— Task data —
Lemma strong_after_max_prefix i1 i2 a : common (i1, i2) -> i1 <= a < i2 ->
  common (i1, a) -> common (a.+1, i2) -> (forall t, a < t < i2 -> common (i1, t) -> False) ->
  strong (a.+1, i2).
Proof.
move=> cI /andP[ia ai] cA cG nopre; rewrite /Defs.strong cG.
apply/allP=> -[k1 k2] _; apply/negP=> /andP[cK]; have [? ? ?] := common_bounds cK.
rewrite /overlap /= => /orP[] /andP[/andP[aK Ki] iK].
  have [cL _ _ _] := common_overlap cI cK (ltac:(simpl; lia)) Ki iK.
  by apply: (nopre k1.-1 _ cL); lia.
case: (ltngtP k1 i1) => [Ki1|iK1|Ke].
- have [_ cM _ _] := common_overlap cK cI Ki1 (ltac:(simpl; lia)) iK.
  by apply: (nopre k2 _ cM); lia.
- have [_ _ _ cU] := common_overlap cA cK iK1 (ltac:(simpl; lia)) (ltac:(simpl; lia)).
  by apply: (nopre k2 _ cU); lia.
- by rewrite Ke in cK; apply: (nopre k2 _ cK); lia.
Qed.

(* The maximal strong subinterval [L] at the left end of a split interval is the shortest
   prefix whose complement is common. *)
Lemma common_after_left_max I L : common I -> common_split I -> max_strong_sub I L ->
  L.1 <= I.1 <= L.2 -> common (L.2.+1, I.2).
Proof.
case: I => i1 i2 cI [m /= [im mi cA cB]] [sL LI Lmax] Li.
pose Q s := [&& i1 < s, s <= i2 & common (s, i2)].
have exQ : exists s, Q s by exists m.+1; rewrite /Q cB andbT; apply/andP; split; lia.
case: (ex_minnP exQ) => s /and3P[i_s si cS] smin.
have sm : s <= m.+1 by apply: smin; rewrite /Q cB andbT; apply/andP; split; lia.
have nosuf t : i1 < t < s -> common (t, i2) -> False.
  by case/andP=> it ts ct; have := smin t; rewrite /Q it ct andbT /=; lia.
have cF : common (i1, s.-1).
  have [<- //|sm'] := eqVneq m.+1 s.
  by have [] := common_overlap cA cS i_s (ltac:(simpl; lia)) mi.
have sF : strong (i1, s.-1) by apply: strong_before_min_suffix cI _ cS cF nosuf; apply/andP.
have [|nLF] := boolP (iproper L (i1, s.-1)).
  by move/Lmax=> /(_ sF) []; rewrite iproperE /= leqnn; lia.
have /= [LS1 LS2] := strong_no_overlap sL cS; have /= [LF1 LF2] := strong_no_overlap sL cF.
have [? ? ?] := strong_bounds sL.
by move: LI nLF; rewrite !iproperE /= => /and3P[? ? ?] ?; have -> : L.2.+1 = s by lia.
Qed.
(* Let $f:X\to X$ be a measurable map, $Y\subset X$ measurable, $\tau:Y\to\mathbb Z^+$ integrable with respect to a probability measure $\mu_Y$ on $Y$ that is invariant under $F:Y\to Y$, $F(y)=f^{\tau(y)}y$. Let $\bar\tau=\int_Y\tau\,d\mu_Y$, $\mu^\tau=(\mu_Y\times\text{counting})/\bar\tau$ on $Y^\tau=\{(y,\ell)\in Y\times\mathbb Z:0\le\ell\le\tau(y)-1\}$, and $\mu_X=\pi_*\mu^\tau$ where $\pi(y,\ell)=f^\ell y$. Let $h:X\to(0,\infty)$ be measurable and $H(y)=\sum_{\ell=0}^{\tau(y)-1}h(f^\ell y)$. Then \[ \mu_Y(H>t)\le\mu_Y(\tau>n)+\bar\tau\,\mu_X(h>t/n)\quad\text{for all }n\ge1,\ t>1. \] *)

From HB Require Import structures.
From mathcomp Require Import all_boot all_order all_algebra.
From mathcomp Require Import all_classical all_reals all_analysis.
Set Implicit Arguments. Unset Strict Implicit. Unset Printing Implicit Defensive.
Import Order.TTheory GRing.Theory Num.Theory.
Import numFieldNormedType.Exports.
Local Open Scope classical_set_scope.
Local Open Scope ring_scope.

Section Tower.
Context {d : measure_display} {X : measurableType d} {R : realType}.

Definition first_return (f : X -> X) (tau : X -> nat) (y : X) : X :=
  iter (tau y) f y.

Definition tau_bar (muY : probability X R) (Y : set X) (tau : X -> nat) : \bar R :=
  (\int[muY]_(y in Y) ((tau y)%:R)%:E)%E.

Definition induced_sum (f : X -> X) (tau : X -> nat) (h : X -> R) (y : X) : R :=
  \sum_(0 <= l < tau y) h (iter l f y).

(* mu_X = pi_* mu^tau, with mu^tau = (mu_Y x counting)/tau_bar on the tower
   Y^tau = {(y,l) : y in Y, 0 <= l <= tau y - 1} and pi(y,l) = f^l y. *)
Definition tower_pushforward (muY : probability X R) (Y : set X) (f : X -> X)
  (tau : X -> nat) (A : set X) : \bar R :=
  ((\sum_(0 <= l <oo) muY [set y | Y y /\ (l < tau y)%N /\ A (iter l f y)])
     * ((fine (tau_bar muY Y tau))^-1)%:E)%E.

End Tower.

From HB Require Import structures.
From mathcomp Require Import all_boot all_order all_algebra.
From mathcomp Require Import all_classical all_reals all_analysis.
From mathcomp Require Import measurable_realfun.
Set Implicit Arguments.
Unset Strict Implicit.
Unset Printing Implicit Defensive.

Import Order.TTheory GRing.Theory Num.Theory.
Import numFieldNormedType.Exports.
Local Open Scope classical_set_scope.
Local Open Scope ring_scope.

(* If [H y > t] while [tau y <= n], one of the at most [n] summands
   [h (f^l y)], [l < tau y], exceeds [t / n].  So [{H > t}] is covered by
   [{tau > n}] and the sets [B_l = {y | l < tau y, h (f^l y) > t / n}], and
   countable subadditivity bounds [muY {H > t}] by
   [muY {tau > n} + \sum_l muY B_l]; that series is [tau_bar * mu_X {h > t/n}]
   by definition of [mu_X]. *)

Lemma sum_le_of_terms_le_div (R : realFieldType) (a : nat -> R) (k n : nat) (t : R) :
  (0 < n)%N -> (k <= n)%N -> 0 <= t ->
  (forall l, (l < k)%N -> a l <= t / n%:R) -> \sum_(0 <= l < k) a l <= t.
Proof.
move=> n_gt0 kn t_ge0 a_le.
apply: (@le_trans _ _ (\sum_(0 <= l < k) (t / n%:R))).
  by apply: ler_sum_nat => l /andP[_]; exact: a_le.
rewrite sumr_const_nat subn0 -[_ *+ k]mulr_natr.
apply: (@le_trans _ _ (t / n%:R * n%:R)); last by rewrite divfK // pnatr_eq0 -lt0n.
by rewrite ler_wpM2l ?ler_nat // divr_ge0.
Qed.

Lemma measure_le_union_bound d (T : measurableType d) (R : realType)
    (mu : {measure set T -> \bar R}) (S A : set T) (B : nat -> set T) :
  measurable S -> measurable A -> (forall l, measurable (B l)) ->
  S `<=` A `|` \bigcup_l B l ->
  (mu S <= mu A + \sum_(0 <= l <oo) mu (B l))%E.
Proof.
move=> mS mA mB SAB.
have mUB : measurable (\bigcup_l B l) by exact: bigcupT_measurable.
apply: (le_trans (le_measure mu _ _ SAB)); rewrite ?inE //; first exact: measurableU.
apply: (le_trans (measureU2 mu mA mUB)).
by rewrite leeD2l // measure_sigma_subadditive.
Qed.

Section measurability.
Context d (T : measurableType d) (R : realType).

Lemma measurable_fun_iter (f : T -> T) n :
  measurable_fun setT f -> measurable_fun setT (iter n f).
Proof.
move=> mf; elim: n => [|n IHn]; first exact: measurable_id.
by rewrite (_ : iter n.+1 f = f \o iter n f); [exact: measurableT_comp|].
Qed.

Lemma measurable_gtr (g : T -> R) (c : R) :
  measurable_fun setT g -> measurable [set x | c < g x].
Proof.
move=> mg; rewrite (_ : [set x | c < g x] = setT `&` g @^-1` `]c, +oo[).
  exact: mg (measurable_itv _).
by rewrite setTI; apply/seteqP; split => x /=; rewrite in_itv /= andbT.
Qed.

Lemma measurable_cst_set (P : Prop) : measurable [set _ : T | P].
Proof.
case: (pselect P) => [p|np].
  by rewrite (_ : [set _ | P] = setT) //; apply/seteqP; split.
by rewrite (_ : [set _ | P] = set0) //; apply/seteqP; split.
Qed.

Variables (D : set T) (tau : T -> nat).
Hypotheses (mD : measurable D) (mtau : measurable_fun D (fun x => (tau x)%:R : R)).

Lemma measurable_level_set k : measurable [set x | D x /\ tau x = k].
Proof.
rewrite (_ : [set x | D x /\ tau x = k] = D `&` (fun x => (tau x)%:R : R) @^-1` [set k%:R]).
  exact: mtau.
apply/seteqP; split => x /= [Dx tx]; split => //; first by rewrite tx.
by apply/eqP; rewrite -(eqr_nat R) tx.
Qed.

Lemma measurable_set_at_level (Q : nat -> set T) :
  (forall k, measurable (Q k)) -> measurable [set x | D x /\ Q (tau x) x].
Proof.
move=> mQ.
rewrite (_ : [set x | D x /\ Q (tau x) x] = \bigcup_k ([set x | D x /\ tau x = k] `&` Q k)).
  by apply: bigcupT_measurable => k; apply: measurableI; [exact: measurable_level_set|].
apply/seteqP; split => x /=; first by move=> [Dx Qx]; exists (tau x).
by move=> [k _ [[Dx <-] Qx]].
Qed.

End measurability.

Section tower.
Context d (X : measurableType d) (R : realType).
Variables (f : X -> X) (Y : set X) (tau : X -> nat).

Lemma induced_sum_gt_subset (h : X -> R) (n : nat) (t : R) :
  (0 < n)%N -> 0 <= t ->
  [set y | Y y /\ t < induced_sum f tau h y] `<=`
  [set y | Y y /\ (n < tau y)%N] `|`
  \bigcup_l [set y | Y y /\ (l < tau y)%N /\ [set x | t / n%:R < h x] (iter l f y)].
Proof.
move=> n_gt0 t_ge0 y [Yy Hy].
have [n_lt_tau|tau_le_n] := ltnP n (tau y); [by left | right].
apply: contrapT => noB.
have : induced_sum f tau h y <= t.
  apply: (sum_le_of_terms_le_div (n := n)) => // l l_lt; rewrite leNgt; apply/negP => hl.
  by apply: noB; exists l.
by rewrite leNgt Hy.
Qed.

Hypotheses (mf : measurable_fun setT f) (mY : measurable Y)
  (mtau : measurable_fun Y (fun y => (tau y)%:R : R)).

Lemma measurable_return_time_gt n : measurable [set y | Y y /\ (n < tau y)%N].
Proof.
apply: (measurable_set_at_level mY mtau (Q := fun k => [set _ | (n < k)%N])) => k.
exact: measurable_cst_set.
Qed.

Lemma measurable_visit l (A : set X) :
  measurable A -> measurable [set y | Y y /\ (l < tau y)%N /\ A (iter l f y)].
Proof.
move=> mA.
apply: (measurable_set_at_level mY mtau
  (Q := fun k => [set _ | (l < k)%N] `&` (iter l f @^-1` A))) => k.
apply: measurableI; first exact: measurable_cst_set.
by rewrite -[_ @^-1` _]setTI; exact: measurable_fun_iter.
Qed.

Lemma measurable_induced_sum_gt (h : X -> R) (t : R) :
  measurable_fun setT h -> measurable [set y | Y y /\ t < induced_sum f tau h y].
Proof.
move=> mh.
apply: (measurable_set_at_level mY mtau
  (Q := fun k => [set y | t < \sum_(0 <= l < k) h (iter l f y)])) => k.
apply: measurable_gtr; apply: measurable_sum => l.
by apply: measurableT_comp => //; exact: measurable_fun_iter.
Qed.

End tower.

Section mean_return_time.
Context d (X : measurableType d) (R : realType).
Variables (muY : probability X R) (Y : set X) (tau : X -> nat).

Lemma tau_bar_ge1 : measurable Y -> muY Y = 1%E ->
  (forall y, Y y -> (0 < tau y)%N) ->
  muY.-integrable Y (fun y => ((tau y)%:R)%:E) ->
  (1 <= tau_bar muY Y tau)%E.
Proof.
move=> mY muY1 tau_gt0 /measurable_int mtau.
rewrite /tau_bar -muY1 -[muY Y]mul1e -(integral_cst muY mY).
by apply: ge0_le_integral => // y Yy; rewrite lee_fin ler1n tau_gt0.
Qed.

Lemma tau_bar_mul_tower_pushforward (f : X -> X) (A : set X) :
  tau_bar muY Y tau \is a fin_num -> tau_bar muY Y tau != 0%E ->
  (tau_bar muY Y tau * tower_pushforward muY Y f tau A =
   \sum_(0 <= l <oo) muY [set y | Y y /\ (l < tau y)%N /\ A (iter l f y)])%E.
Proof.
rewrite /tower_pushforward; case: (tau_bar muY Y tau) => // r _ r_neq0.
by rewrite /= muleCA -EFinM divff ?mule1 // -(@eqe r).
Qed.

End mean_return_time.

Theorem propositionA1 (d : measure_display) (X : measurableType d) (R : realType)
  (f : X -> X) (Y : set X) (tau : X -> nat) (muY : probability X R) (h : X -> R) :
  measurable_fun setT f ->
  measurable Y ->
  muY Y = 1%E ->
  (forall y, Y y -> (0 < tau y)%N) ->
  muY.-integrable Y (fun y => ((tau y)%:R)%:E) ->
  (forall y, Y y -> Y (first_return f tau y)) ->
  (forall A, measurable A -> A `<=` Y ->
     muY (Y `&` (first_return f tau) @^-1` A) = muY A) ->
  measurable_fun setT h ->
  (forall x, 0 < h x) ->
  forall (n : nat) (t : R), (1 <= n)%N -> 1 < t ->
    (muY [set y | Y y /\ (t < induced_sum f tau h y)%R]
     <= muY [set y | Y y /\ (n < tau y)%N]
        + tau_bar muY Y tau
          * tower_pushforward muY Y f tau [set x | (t / n%:R < h x)%R])%E.
Proof.
move=> mf mY muY1 tau_gt0 itau _ _ mh _ n t n_gt0 t_gt1.
have mtau : measurable_fun Y (fun y => (tau y)%:R : R).
  by apply/measurable_EFinP; exact: measurable_int itau.
have one_le_tau_bar := tau_bar_ge1 mY muY1 tau_gt0 itau.
rewrite tau_bar_mul_tower_pushforward; first last.
- by rewrite gt_eqF // (lt_le_trans _ one_le_tau_bar).
- exact: integrable_fin_num.
have mS := measurable_induced_sum_gt mf mY mtau t mh.
have mA := measurable_return_time_gt mY mtau n.
have mB l := measurable_visit mf mY mtau l (measurable_gtr (t / n%:R) mh).
apply: (measure_le_union_bound muY mS mA mB).
by apply: induced_sum_gt_subset => //; rewrite (le_trans ler01) ?ltW.
Qed.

— What needs to be done —
What are the exact lines from the beginning of the material through the line containing "move=> cI /andP[ia"? Write out those lines alone.

— Task answer —
Lemma strong_after_max_prefix i1 i2 a : common (i1, i2) -> i1 <= a < i2 ->
  common (i1, a) -> common (a.+1, i2) -> (forall t, a < t < i2 -> common (i1, t) -> False) ->
  strong (a.+1, i2).
Proof.
move=> cI /andP[ia ai] cA cG nopre; rewrite /Defs.strong cG.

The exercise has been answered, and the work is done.